Intended use of images

How your digitized images will be used is crucial to the planning process.  Consider uses over the long term, since the digitization specifications that you choose will eventually define the optimal output quality of your images.   

Commercial printing, printing with a laser or ink jet printer, Web display, projection, zooming and cropping all require choices about color, resolution, bit depth, and file type.  By anticipating the intended end-use before the image is digitized, it is possible to choose specifications that will result in satisfactory image quality without squandering resources such as time and network storage.

Quality Control

Quality control is one of the most critical aspects of any digitization process and in fact applies throughout the life of an image. Workflows need to be identified and established to ensure consistency in image capture (scanning, digital photography, purchase of images), metadata and controlled vocabularies, and image editing. 

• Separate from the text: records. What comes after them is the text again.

Lemma F1_defect_inequality : is_definite (n + k) (defect_star_mx n X) ->
  exists lam : R, (0 <= lam)%R /\ forall x, l2 x ->
    (lam * hnorm (adj (F1op n k X) x) ^ 2 - hnorm (F1op n k X x) ^ 2
     <= lam * hnorm (Pj (n + k) x) ^ 2 - hnorm (Pj n x) ^ 2)%R.
Proof.
intros Hdef.
destruct (HermitianMatrix.definite_coercive (defect_star_mx_hermitian n k X)
            (defect_star_mx_psd n k X Hc) Hdef) as [c [Hc0 Hcb]].
exists (/ c)%R. split; [left; apply Rinv_0_lt_compat; auto|].
intros x Hx. specialize (Hcb x).
rewrite qform_defect_star_mx, Re_minus, !Re_csum_sqnorm in Hcb.
rewrite adj_F1op, F1op_coord by auto.
rewrite (hnorm2_fin n _ (F1_adj_supp n k X x)), (hnorm2_fin (n + k)%nat _ (F1_coord_supp n k X x)),
  (hnorm2_fin (n + k)%nat _ (Pj_supp (n + k)%nat x)), (hnorm2_fin n _ (Pj_supp n x)).
rewrite (rsum_ext (n + k)%nat (fun p => Cmod (Pj (n + k) x p) ^ 2)%R (fun p => Cmod (x p) ^ 2)%R)
  by (intros p Hp; unfold Pj; destruct (Nat.ltb_spec p (n + k)); auto; lia).
rewrite (rsum_ext n (fun p => Cmod (Pj n x p) ^ 2)%R (fun p => Cmod (x p) ^ 2)%R)
  by (intros p Hp; unfold Pj; destruct (Nat.ltb_spec p n); auto; lia).
set (d := rsum (n + k) (fun p => Cmod (x p) ^ 2)%R) in *.
set (a := rsum n (fun p => Cmod (F1_adj n k X x p) ^ 2)%R) in *.
pose proof (rsum_nonneg (n + k)%nat (fun p => Cmod (F1_coord n k X x p) ^ 2)%R (fun _ _ => pow2_ge_0 _)).
assert (rsum n (fun p => Cmod (x p) ^ 2) <= d)%R by (apply rsum_mono; [lia | intros; apply pow2_ge_0]).
assert (d <= / c * (d - a))%R.
{ replace d with (/ c * (c * d))%R at 1 by (field; lra).
  apply Rmult_le_compat_l; [left; apply Rinv_0_lt_compat|]; lra. }
nra.
Qed.

Lemma iter_T_coord_contractive r w : l2 w -> (hnorm (Nat.iter r (T_coord n k X) w) <= hnorm w)%R.
Proof.
intros Hw. induction r as [|r IH]; simpl. lra.
destruct Hc as [_ [_ Hn]]. rewrite Top_coord in Hn.
eapply Rle_trans; [apply Hn, l2_iter_T_coord; auto | auto].
Qed.

Lemma T_adj_contractive_fin N z : (n + k <= N)%nat -> fin_supp N z ->
  fin_supp N (T_adj n k X z) /\ (hnorm (T_adj n k X z) <= hnorm z)%R.
Proof.
intros HN Hz.
assert (Hs : fin_supp N (T_adj n k X z)).
{ intros i Hi. unfold T_adj. destruct (Nat.ltb_spec i n); try lia. apply Hz. lia. }
split; auto.
rewrite (hnorm_fin _ N Hs), (hnorm_fin _ N Hz). apply sqrt_le_1_alt.
pose proof (defect_star_mx_psd n k X Hc z) as Hp.
rewrite qform_defect_star_mx, Re_minus, !Re_csum_sqnorm in Hp.
set (M := (N - n - k)%nat).
replace N with (n + (M + k))%nat at 1 by (unfold M; lia).
rewrite rsum_split, rsum_split, (rsum_zero k), Rplus_0_r.
- replace N with (n + k + M)%nat by (unfold M; lia). rewrite rsum_split.
  assert (E1 : rsum n (fun i => Cmod (T_adj n k X z i) ^ 2)%R
             = rsum n (fun i => Cmod (F1_adj n k X z i) ^ 2)%R).
  { apply rsum_ext. intros i Hi. unfold T_adj, F1_adj. destruct (Nat.ltb_spec i n); try lia. reflexivity. }
  assert (E2 : rsum M (fun i => Cmod (T_adj n k X z (n + i)%nat) ^ 2)%R
             = rsum M (fun i => Cmod (z (n + k + i)%nat) ^ 2)%R).
  { apply rsum_ext. intros i Hi. unfold T_adj. destruct (Nat.ltb_spec (n + i) n); try lia.
    do 3 f_equal. lia. }
  lra.
- intros i Hi. unfold T_adj. destruct (Nat.ltb_spec (n + (M + i)) n); try lia.
  rewrite Hz by (unfold M; lia). rewrite Cmod_0. ring.
Qed.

According to the Getty’s Introduction to Imaging, “Consistent image-capture guidelines and parameters should be established, and scans must be periodically reviewed and checked for accuracy, ideally against the source material, whether they are produced in-house or supplied by a vendor. Although automatic scanning is generally consistent, problems with exposure, alignment, and color balance occur often enough to require a quality-control component in any scanning program. Without quality control, it will not be possible to guarantee the integrity and consistency of the resulting digital image files… Records need to be proofread and mechanisms such as controlled vocabularies utilized to ensure consistent data entry. Additionally, relationships between cataloguing records and image files need to be verified and/or developed.  Quality control must also be applied to all access files derived from master images and to all preservation copies made, on whatever media, as mistakes and technical errors can often be introduced during the process of duplication or migration. Files should be checked to ensure that all are correctly named, not corrupted, and so on.”

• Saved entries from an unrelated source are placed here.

Lemma higher_poisson_section : exists (P : 'M[R]_n) (s : V -> F),
  [/\ P *m P = P, forall al, S al -> Lam al *m P = Lam al,
      forall v, S (s v), forall v, Lam (s v) = v *m P & linear_family s].
Proof.
have [M imM] := rowspace_imL.
have rowP i : exists al, S al /\ row i M = Lam al by apply/imM; exact: row_sub.
pose als i := proj1_sig (constructive_indefinite_description _ (rowP i)).
have alsP i : S (als i) /\ row i M = Lam (als i).
  exact: proj2_sig (constructive_indefinite_description _ (rowP i)).
pose s (v : V) : F := fun w => \sum_i (v *m pinvmx M) 0 i * als i w.
have sumP (v : V) :=
  higher_poisson_sum (index_enum 'I_n) (fun i => (v *m pinvmx M) 0 i) (fun i => (alsP i).1).
exists (pinvmx M *m M), s; split.
- by rewrite mulmxA mulmxKpV // submxMl.
- by move=> al hal; rewrite mulmxA mulmxKpV //; apply/imM; exists al.
- by move=> v; case: (sumP v).
- move=> v; rewrite (sumP v).2 [RHS]mulmxA (mulmx_sum_row (v *m pinvmx M) M).
  by apply: eq_bigr => i _; rewrite (alsP i).2.
- move=> b x y w; rewrite /s mulmxDl -scalemxAl mulr_sumr -big_split /=.
  by apply: eq_bigr => i _; rewrite !mxE; ring.
Qed.

Lemma higher_poisson_skew_slot X (al be : F) (w : 'I_m -> V) i : S al -> S be ->
  be (vcons X (set_slot w i (Lam al))) = - al (vcons X (set_slot w i (Lam be))).
Proof.
have [[hkf _ _] _ _ skew] := hp; move=> hal hbe.
rewrite (kform_swap_vcons _ _ _ _ (hkf _ hbe)) (kform_swap_vcons _ _ _ _ (hkf _ hal)).
have := congr1 (fun f => f (set_slot w i X)) (skew _ _ hal hbe).
by rewrite /= !contrE => ->; rewrite opprK.
Qed.

Variable L : V * F -> Prop.
Hypothesis hg : is_graph L S Lam.

Lemma capV_graph X : capV L X -> X = 0.
Proof. by move=> /hg [_ ->]; exact: higher_poisson_Lam0. Qed.

Lemma Ann_pr1_graph (al : F) : Ann (pr1 L) al <-> Ann (imL S Lam) al.
Proof.
have pr1E Y : pr1 L Y <-> imL S Lam Y.
  by split => [[al' /hg [h ->]]|[al' [h ->]]]; exists al' => //; apply/hg.
by split => -[kf ann]; split => // Y /pr1E; apply: ann.
Qed.

Lemma lagrangian_graph_Ann_imL : lagrangian L ->
  forall al : F, Ann (imL S Lam) al <-> kerL S Lam al.
Proof.
have [[hkf _ _] _ _ _] := hp.
move=> hlag al; split => [[kf ann]|]; last exact: kerL_sub_Ann_imL.
have : L (0, al).
  apply/hlag; split => // -[Y be] /hg [hbe ->].
  apply: functional_extensionality => ys; rewrite /pairing /= (contr0 (hkf _ hbe)) ann.
    by rewrite /zeroF addr0.
  by exists be.
by move/hg => [hS /esym].
Qed.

“Quality control must also be applied to all access files derived from master images and to all preservation copies made, on whatever media, as mistakes and technical errors can often be introduced during the process of duplication or migration. Files should be checked to ensure that all are correctly named, not corrupted, and so on.”

Cataloging

Cataloging digital images promotes efficient retrieval and increases the likelihood that the digital collection will continue to be accessible and useful over time. Cataloging is best accomplished by creating a database of records that describe each image (metadata).  If the collection contains or will eventually contain more than 500 images, cataloging is necessary.

“Metadata” reflect information about your images that can be represented in a database.  These data can include very simple descriptive information like the creator, title, or topic of a particular image; technical information about a digital image like file name, resolution, file format, etc.; and management information like rights of use, ownership, and copyright.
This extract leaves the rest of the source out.